Overall the cups are a confidence boost and I felt I was hanging on less and using less energy overall. As far as the "planted feel" of the front goes.... It was better, a bit more confidence in this area. Its not Honda like planted BUT it was overall a better bike. This isnt an inside line bike and that didnt change, BUT its usefully better everywhere else. Also I did not experience any significant increase in front feel heavyness wich I did a bit on the Honda. So far so good....
NEXT I installed the FCP Head Stays. Again not cheap BUT again a usefull improvment imo. Most notably was the effect on square edged bumps. The triumph chassis has more comfort than most others. The FCP head stays added to that noticably. Best way I can discribe this is square edged bumps felt rounded off. Less sharp edged in feel. For the old man this is great
. Anyone looking to get a bit more comfort will benafit from these. When ya look at these mounts ya wonder how can that be? Whats the difference? Shape tells the story. They are a bit stiffer laterally, (taller beam height than stock) , yet a bit more flexy in twist ( a bit thinner and an open area in the middle). This changes the flex characture in a way that works a bit better with this chassis. I do not believe you will get this same performance by buying the cut open 2026 triumph head stays. They do not do the same things exactly. The other thing I noticed was a bit less vibration above idle and all the way to the limiter. When ya change the stiffness of any part of a stucture ya change the way things resonate. Often ya cannot eliminate but only move the vibes around. That seems to be whats happened here as at idle it seems the vibes are a bit worse BUT everywhere else its noticably better. A good engineering trade off. BTW No setting changes needed on this one
LAST change was a Titainium swing arm pivot axle and two Titainium engine mount bolts again from FCP. At this point I am not certain what the benafit here is. I was toast by the time I made this change and the track had changed too much to compare to the beginning of test, so I will have to go back n forth with the stock stuff another day.......
So far the cups and the head stays are imo worth the coin AND the workmanship, quality, fit and finnish are first rate on these components. Everything fit perfectly and looks great.

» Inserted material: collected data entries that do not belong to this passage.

(* Let $\mu_Y\in\mathbb{R}$, $\sigma_Y>0$, $n\ge 2$, and let $X_1,\dots,X_n$ be i.i.d. with $X_i\sim LN(\mu_Y,\sigma_Y^2)$. With $A_n=\frac1n\sum_{i=1}^n X_i$, $H_n=n\big/\sum_{i=1}^n (1/X_i)$, $\hat k_n=\frac{n}{n-1}\left(\frac{A_n}{H_n}-1\right)$ and $k=C_v^2=\exp(\sigma_Y^2)-1$, $$\operatorname{Var}(\hat k_n)=\frac{2}{n-1}\,k^2\left(1+k+\frac{k^2}{2n}\right),\qquad \operatorname{sd}(\hat k_n)=k\sqrt{\frac{2}{n-1}\left(1+k+\frac{k^2}{2n}\right)}.$$
   Context: $X\sim LN(\mu_Y,\sigma_Y^2)$ means $\ln X\sim N(\mu_Y,\sigma_Y^2)$. For such $X$, $C_v=\sqrt{\operatorname{Var}(X)}/E[X]$ is the coefficient of variation and $k=E[X]\,E[1/X]-1$; one has $k=C_v^2=\exp(\sigma_Y^2)-1$. $\operatorname{sd}$ denotes the square root of the variance. *)

(* Probability theory is not available, so the
   law of (X_1,...,X_n) i.i.d. LN(mu, sigma^2) is represented through its joint
   density, and expectations are iterated improper Riemann integrals. *)
From Stdlib Require Import Reals Lra Lia.
Open Scope R_scope.

Definition ImpInt (f : R -> R) (l : R) : Prop :=
  forall eps : R, 0 < eps ->
    exists M : R, forall a b : R, a <= - M -> M <= b ->
      exists pr : Riemann_integrable f a b, Rabs (RiemannInt pr - l) < eps.

Definition upd (v : nat -> R) (i : nat) (x : R) : nat -> R :=
  fun j => if Nat.eq_dec j i then x else v j.

(* Iterated improper integral over R^m of g, integrating the coordinates
   0, ..., m-1 (outermost = coordinate m-1); IterInt m g l means the iterated
   integral exists (every inner integral exists) and equals l. *)
Fixpoint IterInt (m : nat) (g : (nat -> R) -> R) : R -> Prop :=
  match m with
  | O => fun l => l = g (fun _ => 0)
  | S m' => fun l =>
      exists h : R -> R, ImpInt h l /\
        forall x : R, IterInt m' (fun v => g (upd v m' x)) (h x)
  end.

Fixpoint sumR (n : nat) (f : nat -> R) : R :=
  match n with O => 0 | S n' => sumR n' f + f n' end.
Fixpoint prodR (n : nat) (f : nat -> R) : R :=
  match n with O => 1 | S n' => prodR n' f * f n' end.

(* density of LN(mu, s^2): ln X ~ N(mu, s^2), s > 0 the standard deviation *)
Definition lnpdf (mu s x : R) : R :=
  if Rlt_dec 0 x
  then / (x * s * sqrt (2 * PI)) * exp (- ((ln x - mu) ^ 2) / (2 * s ^ 2))
  else 0.

Definition joint_lnpdf (mu s : R) (n : nat) (v : nat -> R) : R :=
  prodR n (fun i => lnpdf mu s (v i)).

Definition HasExpect (mu s : R) (n : nat) (f : (nat -> R) -> R) (l : R) : Prop :=
  IterInt n (fun v => f v * joint_lnpdf mu s n v) l.

Definition HasVar (mu s : R) (n : nat) (f : (nat -> R) -> R) (V : R) : Prop :=
  exists m1 m2 : R, HasExpect mu s n f m1 /\
    HasExpect mu s n (fun v => (f v) ^ 2) m2 /\ V = m2 - m1 ^ 2.

Definition A_n (n : nat) (v : nat -> R) : R := sumR n v / INR n.
Definition H_n (n : nat) (v : nat -> R) : R := INR n / sumR n (fun i => / v i).
Definition khat (n : nat) (v : nat -> R) : R :=
  INR n / (INR n - 1) * (A_n n v / H_n n v - 1).

(* With P = X_1 + ... + X_n and Q = 1/X_1 + ... + 1/X_n one has
   khat_n = n/(n-1) (PQ/n^2 - 1), so Var(khat_n) only involves E[PQ] and
   E[P^2 Q^2].  Expanding (P + X_n)^a (Q + 1/X_n)^b binomially reduces the
   joint moments E[P^a Q^b] to the lognormal moments E[X^r] = exp(r mu + r^2 s^2/2),
   and these are Gaussian integrals: after the substitution
   t = (ln x - mu - r s^2)/(sqrt 2 s) the integrand has the explicit antiderivative
   E[X^r]/sqrt(pi) * int_0^t exp(-u^2) du.  The Gaussian integral itself comes from
   the identity (int_0^x exp(-t^2) dt)^2 + int_0^1 exp(-x^2 (1+t^2))/(1+t^2) dt = pi/4,
   whose left-hand side has derivative 0. *)

From Stdlib Require Import Reals Lra Lia.
From Coquelicot Require Import Coquelicot.
Open Scope R_scope.

Lemma continuous_of_ex_derive (f : R -> R) (x : R) : ex_derive f x -> continuous f x.
Proof. exact (@ex_derive_continuous R_AbsRing R_NormedModule f x). Qed.

Lemma ex_RInt_continuous_R (f : R -> R) (a b : R) :
  (forall x, continuous f x) -> ex_RInt f a b.
Proof. intros Hf. apply (@ex_RInt_continuous R_CompleteNormedModule). auto. Qed.

Lemma one_add_sqr_pos (t : R) : 0 < 1 + t * t.
Proof. nra. Qed.

Lemma exp_le_compat (x y : R) : x <= y -> exp x <= exp y.
Proof. intros [H | ->]; [apply Rlt_le, exp_increasing, H | apply Rle_refl]. Qed.

Definition gauss (t : R) : R := exp (- (t * t)).
Definition gauss_int (x : R) : R := RInt gauss 0 x.

Definition gauss_aux_integrand (x t : R) : R := exp (- (x * x) * (1 + t * t)) / (1 + t * t).
Definition gauss_aux (x : R) : R := RInt (gauss_aux_integrand x) 0 1.

Lemma continuous_gauss (t : R) : continuous gauss t.
Proof. apply continuous_of_ex_derive. unfold gauss. auto_derive. easy. Qed.

Lemma is_derive_gauss_int (x : R) : is_derive gauss_int x (gauss x).
Proof.
  apply (@is_derive_RInt R_CompleteNormedModule) with 0.
  - apply filter_forall. intros y.
    apply (@RInt_correct R_CompleteNormedModule), ex_RInt_continuous_R, continuous_gauss.
  - apply continuous_gauss.
Qed.

Lemma gauss_int_comp_scal (a x : R) : RInt (fun t => a * gauss (a * t)) 0 x = gauss_int (a * x).
Proof.
  assert (E := @RInt_comp_lin R_CompleteNormedModule gauss a 0 0 x
                 (ex_RInt_continuous_R _ _ _ continuous_gauss)).
  rewrite Rmult_0_r, !Rplus_0_r in E. unfold gauss_int. rewrite <- E.
  apply RInt_ext. intros t _. rewrite Rplus_0_r. reflexivity.
Qed.

Lemma continuous_gauss_aux_integrand (x t : R) : continuous (gauss_aux_integrand x) t.
Proof.
  apply continuous_of_ex_derive. unfold gauss_aux_integrand.
  generalize (one_add_sqr_pos t). intros Ht. auto_derive. lra.
Qed.

Lemma is_derive_gauss_aux_integrand (x t : R) :
  is_derive (fun y => gauss_aux_integrand y t) x (- 2 * x * exp (- (x * x) * (1 + t * t))).
Proof.
  unfold gauss_aux_integrand. generalize (one_add_sqr_pos t). intros Ht.
  auto_derive; [lra | field; lra].
Qed.

Lemma continuity_2d_gauss_aux_derivative (x t : R) :
  continuity_2d_pt (fun y u => - 2 * y * exp (- (y * y) * (1 + u * u))) x t.
Proof.
  apply continuity_2d_pt_mult.
  - apply continuity_2d_pt_mult; [apply continuity_2d_pt_const | apply continuity_2d_pt_id1].
  - apply continuity_1d_2d_pt_comp; [apply derivable_continuous_pt, derivable_pt_exp |].
    apply continuity_2d_pt_mult.
    + apply continuity_2d_pt_opp. apply continuity_2d_pt_mult; apply continuity_2d_pt_id1.
    + apply continuity_2d_pt_plus; [apply continuity_2d_pt_const |].
      apply continuity_2d_pt_mult; apply continuity_2d_pt_id2.
Qed.

(* Differentiation under the integral sign, then the substitution u = x t. *)
Lemma is_derive_gauss_aux (x : R) : is_derive gauss_aux x (- 2 * gauss x * gauss_int x).
Proof.
  replace (- 2 * gauss x * gauss_int x)
    with (RInt (fun t => Derive (fun y => gauss_aux_integrand y t) x) 0 1).
  - apply (is_derive_RInt_param gauss_aux_integrand 0 1 x).
    + apply filter_forall. intros y t _. eexists. apply is_derive_gauss_aux_integrand.
    + intros t _. apply (continuity_2d_pt_ext _ _ _ _ (fun y u =>
        eq_sym (is_derive_unique _ _ _ (is_derive_gauss_aux_integrand y u)))).
      apply continuity_2d_gauss_aux_derivative.
    + apply filter_forall. intros y. apply ex_RInt_continuous_R, continuous_gauss_aux_integrand.
  - replace (gauss_int x) with (gauss_int (x * 1)) by (rewrite Rmult_1_r; reflexivity).
    rewrite <- gauss_int_comp_scal, <- (@RInt_scal R_CompleteNormedModule).
    + apply RInt_ext. intros t _. erewrite is_derive_unique by apply is_derive_gauss_aux_integrand.
      unfold gauss, scal; simpl; unfold mult; simpl.
      replace (- (x * x) * (1 + t * t)) with (- (x * x) + - ((x * t) * (x * t))) by ring.
      rewrite exp_plus. ring.
    + apply ex_RInt_continuous_R. intros t.
      apply continuous_of_ex_derive. unfold gauss. auto_derive. easy.
Qed.

Lemma gauss_int_0 : gauss_int 0 = 0.
Proof. apply (@RInt_point R_CompleteNormedModule). Qed.

Lemma gauss_aux_0 : gauss_aux 0 = PI / 4.
Proof.
  rewrite <- atan_1. unfold gauss_aux.
  replace (atan 1) with (atan 1 - atan 0) by (rewrite atan_0; ring).
  apply is_RInt_unique.
  apply (@is_RInt_ext R_CompleteNormedModule (fun t => / (1 + t ^ 2))).
  { intros t _.
    change (/ (1 + t ^ 2) = exp (- (0 * 0) * (1 + t * t)) / (1 + t * t)).
    rewrite Rmult_0_l, Ropp_0, Rmult_0_l, exp_0. field. generalize (one_add_sqr_pos t); lra. }
  apply (@is_RInt_derive R_CompleteNormedModule).
  - intros y _. apply is_derive_Reals, derivable_pt_lim_atan.
  - intros y _. apply continuous_of_ex_derive. auto_derive.
    generalize (one_add_sqr_pos y); simpl; nra.
Qed.

Lemma is_derive_0_const (h : R -> R) :
  (forall y, is_derive h y 0) -> forall x y, h x = h y.
Proof.
  intros Hh x y.
  assert (I := @is_RInt_derive R_CompleteNormedModule h (fun _ => 0) y x
                 (fun z _ => Hh z) (fun z _ => continuous_const _ z)).
  apply is_RInt_unique in I. rewrite RInt_const in I.
  unfold scal, minus, plus, opp in I; simpl in I; unfold mult in I; simpl in I. lra.
Qed.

Here are the settings using stock suspension components valving I have landed on so far for a 180lb vet expert ridding a variety of terrain ( the Compound MX track in Fulton NY, Broome Tioga Sports center track in Richford NY, and Jacksons MX track in Campvill NY) From deep sand and loam to hard pack. Click up and down from here to suit conditions.......
FORKS
2mm up in clamps( measured from just below cap), Compression 15 out from full hard( this takes the harsh edge off the stock setting of 13 out), Rebound 10 out, coils changed from .51Kg stock to .48 Kg AND 350 cc (stock is 310cc) of 0w-16 motor oil in outers ( better slide than fork fluid imo in outers AND better seal life as well, if this freaks ya out then use standard fork oil, its not a huge difference), this increase in oil level in outer tubes compensate for the softer coils and gives hold up and bottom resistance. This worked better with the FCP race cups than the stock coils and oil heights that rode too high with the cups
SHOCK
105mm sag ( see note below!), comp16 out ( again this takes harsh edge off, it appears this bike has too much low speed damp and not enough high speed giving both a harshness and a blow through in stroke and simply adding more low speed clicker to compensate only makes it more harsh), Rebound 12 out, High speed compression only 1 turn out ( with low speed comp opened up a bit the shock blows through the stroke way too much in g outs and hard acceleration so turning the high speed in to only 1 turn out gets the hold up back without the harshness. dont be afrade to go less or more here to fine tune). Ya gotta love the way the KYB stuff responds to adjustments.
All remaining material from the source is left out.